Senators demand 1 nation back on list of places where Christians are killed

(Video screenshot)
(Video screenshot)

It was a year ago that Joe Biden’s secretary of state, Antony Blinken, “inexplicably” took Nigeria and its Christian-terrorizing actions off a list designating it a Country of Particular Concern over its homicidal attacks on Christians.

Now, senators are telling him to put it back on the list.

“Religious violence and intolerance directed toward Nigerian Christians has worsened in recent years. One report documented more than 4,650 cases of Nigerian Christians who were killed for their faith in 2021. Accordingly, Nigeria earns the dubious honor – for the second consecutive year – of being the deadliest country on earth for Christians,” wrote Sen. Josh Hawley, R-Mo., in a letter to Blinken.

Sens. Mike Braun, R-Ind., Tom Cotton, R-Ark., Marco Rubio, R-Fla., and Jim Inhofe, R-Okla., joined him.

“Given the abysmal state of religious freedom in Nigeria, it is incumbent upon you to reverse last year’s decision and redesignate the country as a CPC. The moment demands that you do so without delay,” they said.

The letter explained that Christians in Nigeria continue to be targeted by those committing violence.

Recent incidents include the massacre of churchgoers on Pentecost Sunday and the stoning of a Christian college student.

“Sadly, such violence has become all too familiar for Christians in Africa’s most populous country. Last year, however, you inexplicably removed Nigeria’s designation as a Country of Particular Concern (CPC) despite no demonstrable improvement in the country’s religious freedom conditions. On the contrary, the situation in Nigeria has grown worse. We previously urged you to immediately reverse your misguided decision, and we write today to renew our call,” the senators said.

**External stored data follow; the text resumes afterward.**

(* Let $\lambda\in\overline{\mathbb C}_+\setminus\{0\}$ and put $h(x,\lambda)=\big|\exp\big(\tfrac23z(x,\lambda)^{3/2}\big)\big|=\exp\big(\mathrm{Re}\,\lambda\,\xi(x\lambda^{-1/2})\big)$ for $x\ge0$. Then: (1) if $\lambda>0$, then $h(\cdot,\lambda)$ is strictly increasing on $[x_*,\infty)$ and $h(\cdot,\lambda)\equiv1$ on $[0,x_*]$, where $x_*=\sqrt\lambda$; (2) if $0<\arg\lambda\le\pi$, then $h(\cdot,\lambda)$ is strictly increasing on $[0,\infty)$.
   Context: Powers and logarithms are principal on $\mathbb C\setminus(-\infty,0]$. $S(I)=\{re^{i\varphi}:r>0,\varphi\in I\}$. Let $\xi(t)=\int_1^t\sqrt{s^2-1}\,ds=\frac12\big(t\sqrt{t^2-1}-\log(t+\sqrt{t^2-1})\big)$, holomorphic on $S(-\pi/2,0)$ with $\xi(t)>0$ for $t>1$, extended by continuity to $\overline{S(-\pi/2,0)}$ (so $\xi(0)=i\pi/4$). It is a fact that $\xi(t)\ne0$ for $t\ne1$ and $\xi$ takes values with argument in $[-3\pi/2,0]$; let $\Phi(t)\in[-3\pi/2,0]$ be that determination of $\arg\xi(t)$. Define $k(t)=|\tfrac32\xi(t)|^{2/3}e^{\frac23i\Phi(t)}$ (so $k(0)=-(3\pi/8)^{2/3}$, $k>0$ for $t>1$); $k$ is a conformal map of $S(-\pi/2,0)$. For $\lambda=|\lambda|e^{2i\theta}$, $\theta\in[0,\pi/2]$, and $x\ge0$, set $z(x,\lambda)=\lambda^{2/3}k(x\lambda^{-1/2})$, and use the convention $\tfrac23z(x,\lambda)^{3/2}:=\lambda\,\xi(x\lambda^{-1/2})$. *)

From Stdlib Require Import Reals Lra ClassicalEpsilon.
From Coquelicot Require Import Coquelicot.
Open Scope R_scope.

(* Principal argument, values in (-PI, PI]; Carg 0 = 0 (irrelevant). *)
Definition Carg (z : C) : R :=
  let x := Re z in let y := Im z in
  if Rlt_dec 0 x then atan (y / x)
  else if Rlt_dec x 0 then
    (if Rle_dec 0 y then atan (y / x) + PI else atan (y / x) - PI)
  else if Rlt_dec 0 y then PI / 2
  else if Rlt_dec y 0 then - (PI / 2)
  else 0.

Definition Cexp (w : C) : C := (exp (Re w) * cos (Im w), exp (Re w) * sin (Im w)).
Definition Clog (z : C) : C := (ln (Cmod z), Carg z).

(* Principal power z^a = exp(a log z), with 0^a := 0. *)
Definition Cpow (z a : C) : C :=
  if Ceq_dec z 0 then 0%C else Cexp (Cmult a (Clog z)).

Definition Csqrt (z : C) : C := Cpow z (RtoC (1/2)).

Definition xi_formula (t : C) : C :=
  Cmult (RtoC (1/2))
    (Cminus (Cmult t (Csqrt (Cminus (Cmult t t) 1)))
            (Clog (Cplus t (Csqrt (Cminus (Cmult t t) 1))))).

Definition open_sector (t : C) : Prop :=
  t <> 0%C /\ - (PI / 2) < Carg t < 0.

(* xi: the formula on the open sector, extended by continuity (limit within
   the open sector) to the closure of the sector. *)
Definition xi (t : C) : C :=
  if excluded_middle_informative (open_sector t) then xi_formula t
  else @lim C_CompleteNormedModule
         (filtermap xi_formula (within open_sector (locally (t : C_CompleteNormedModule)))).

Definition h (x : R) (lam : C) : R :=
  exp (Re (Cmult lam (xi (Cmult (RtoC x) (Cpow lam (RtoC (-1/2))))))).

From Pilot Require Import Defs.
From Stdlib Require Import Reals Lra Psatz ClassicalEpsilon.
From Coquelicot Require Import Coquelicot.
Open Scope R_scope.

(* Differentiating in x, the derivative of [log h x lam = Re (lam * xi (x * lam^(-1/2)))] is
   [Re (lam^(1/2) * sqrt (x^2 / lam - 1))], the real part of the square root of [x^2 - lam]
   with nonnegative real part.  For [Im lam > 0] that real part is strictly positive, so [h]
   increases on [[0, oo)]; to make this checkable, [lam] is written as [(sr * e^(i al))^2], the
   principal square root and logarithm in [xi] are expanded into real formulas, and
   [Re (lam * xi (x * lam^(-1/2)))] becomes an explicit function of [x] whose derivative is
   computed.  For [lam > 0] the point [x / sqrt lam] is real: [xi] is purely imaginary on [[0, 1]]
   (so [h = 1]) and equals the increasing [int_1^s sqrt (u^2 - 1) du] beyond [1].  For [lam < 0]
   the point lies on the negative imaginary axis, where
   [Re xi (-i s) = - (s sqrt (1 + s^2) + arsinh s) / 2] decreases.  The values of [xi] on the
   boundary of the sector are limits of the explicit formulas, which are continuous there. *)

Lemma Cmod_pair_abs x y : x <> 0 -> Cmod (x, y) = Rabs x * sqrt (1 + (y / x)²).
Proof.
  intro Hx. unfold Cmod; simpl.
  rewrite <- sqrt_Rsqr_abs, <- sqrt_mult_alt by apply Rle_0_sqr.
  f_equal. unfold Rsqr. field. exact Hx.
Qed.

Lemma Cmod_real a : Cmod (a, 0) = Rabs a.
Proof. unfold Cmod; cbn [fst snd]. rewrite <- sqrt_Rsqr_abs. f_equal. unfold Rsqr. ring. Qed.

The senators pointed out they had warned just last year that “Nigeria failed to take meaningful steps to mitigate such violence, but Nigerian authorities restrict and crack down on religious minorities and detain individuals indefinitely on blasphemy-related charges.”

They said, “We remain concerned that the Nigerian government is failing to protect the religious freedom and basic safety of its Christian citizens. Furthermore, as this year’s annual reports from the bipartisan U.S. Commission on International Religious Freedom (USCIRF) and from your own Department make clear, Nigerian government authorities directly participate in the persecution of Christians, Muslims, and even non-theists, most notoriously through arrests and convictions under blasphemy laws. Make no mistake: continued enforcement of state-sanctioned blasphemy laws enables the type of deadly violence that killed Deborah Emmanuel Yakubu and so many others.”

They noted that U.S. Commission on International Religious Freedom considered last year’s moving to be appalling.